■ **The problem**:
Locate all lines in the data below that hold "iota" and show them.

■ **Collected data**:

————————

Lemma linD (U V : lmodType C) (f : U -> V) : lin f -> forall x y, f (x + y) = f x + f y.
Proof. by move=> fL x y; have := fL 1 x y; rewrite !scale1r. Qed.

Lemma linZ (U V : lmodType C) (f : U -> V) : lin f -> forall c x, f (c *: x) = c *: f x.
Proof. by move=> fL c x; have := fL c x 0; rewrite !addr0 (lin0 fL) addr0. Qed.

Lemma linN (U V : lmodType C) (f : U -> V) : lin f -> forall x, f (- x) = - f x.
Proof. by move=> fL x; rewrite -scaleN1r (linZ fL) scaleN1r. Qed.

Lemma linB (U V : lmodType C) (f : U -> V) : lin f -> forall x y, f (x - y) = f x - f y.
Proof. by move=> fL x y; rewrite (linD fL) (linN fL). Qed.

Lemma lin_sum (U V : lmodType C) (f : U -> V) : lin f ->
  forall (I : Type) (s : seq I) (F : I -> U), f (\sum_(i <- s) F i) = \sum_(i <- s) f (F i).
Proof.
move=> fL I s F; elim: s => [|i s IH]; first by rewrite !big_nil (lin0 fL).
by rewrite !big_cons (linD fL) IH.
Qed.

Lemma lin_comp (U V W : lmodType C) (f : V -> W) (g : U -> V) :
  lin f -> lin g -> lin (fun x => f (g x)).
Proof. by move=> fL gL c x y; rewrite gL fL. Qed.

Lemma lin_scale (U V : lmodType C) (f : U -> V) (e : C) :
  lin f -> lin (fun x => e *: f x).
Proof. by move=> fL c x y; rewrite fL scalerDr !scalerA mulrC. Qed.

Lemma coef_map (U V : lmodType C) (g : U -> V) (s : seq U) k :
  g 0 = 0 -> coef (map g s) k = g (coef s k).
Proof. by move=> g0; rewrite /coef; elim: s k => [|u s IH] [|k] //=; rewrite nth_nil. Qed.

(* The substitution nu := lambda + mu is injective: a polynomial F(lambda, nu)
   vanishing after substitution is zero.  This turns super-commutativity into
   [Psi_lambda(u)_nu u] = 0. *)
Lemma subst_sum_eq0 (N : lmodType C) (F : nat -> nat -> N) :
  (forall i j, subst_sum F i j = 0) -> forall p q, F p q = 0.
Proof.
move=> F0 p; elim/ltn_ind: p => p IH q.
have := F0 p q; rewrite /subst_sum big_ord_recl big1.
  by rewrite addr0 subn0 addn0 bin0 mulr1n.
move=> i _; rewrite IH ?mul0rn //=.
by rewrite /bump /= add1n subnS prednK ?subn_gt0 // leq_subr.
Qed.

Variables (N : lmodType C) (T : lcsa_data N).
Hypothesis lcsaT : is_lcsa T.

Lemma br_linl z k : lin (fun x => coef (br T x z) k).
Proof. by case: lcsaT => _ [_ [_ [_ [_ [_ [H _]]]]]] c x y; apply: H. Qed.

Lemma br_linr x k : lin (fun y => coef (br T x y) k).
Proof. by case: lcsaT => _ [_ [_ [_ [_ [_ [_ [H _]]]]]]] c y z; apply: H. Qed.

Lemma par_lin b : lin (par T b).
Proof. by case: lcsaT. Qed.

Lemma par_homog b x : homog T b (par T b x).
Proof. by case: lcsaT => _ [H _]; apply: H. Qed.

End LinearMaps.

Section TensorProduct.

Variables (K : fieldType) (L : lmodType K) (A : comPzRingType).
Variables (iota : {rmorphism K -> A}) (M : lmodType K) (t : L -> A -> M).
Hypothesis tensorM : is_tensor_product iota t.

Let ascale (c : K) (a : A) : A := iota c * a.

Lemma tensor_linl a : lin (t^~ a).
Proof. by case: tensorM => -[H _] _ c x y; apply: H. Qed.

Lemma tensor_linr c x a b : t x (iota c * a + b) = c *: t x a + t x b.
Proof. by case: tensorM => -[_ H] _; apply: H. Qed.

Lemma tensorDr x a b : t x (a + b) = t x a + t x b.
Proof. by have := tensor_linr 1 x a b; rewrite rmorph1 mul1r scale1r. Qed.

Lemma tensor0r x : t x 0 = 0.
Proof. by apply: (@addrI _ (t x 0)); rewrite -tensorDr !addr0. Qed.

Lemma tensorZr c x a : t x (iota c * a) = c *: t x a.
Proof. by have := tensor_linr c x a 0; rewrite addr0 tensor0r addr0. Qed.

————————

■ **Written answer**:
Variables (iota : {rmorphism K -> A}) (M : lmodType K) (t : L -> A -> M).
Hypothesis tensorM : is_tensor_product iota t.
Let ascale (c : K) (a : A) : A := iota c * a.
Lemma tensor_linr c x a b : t x (iota c * a + b) = c *: t x a + t x b.
Lemma tensorZr c x a : t x (iota c * a) = c *: t x a.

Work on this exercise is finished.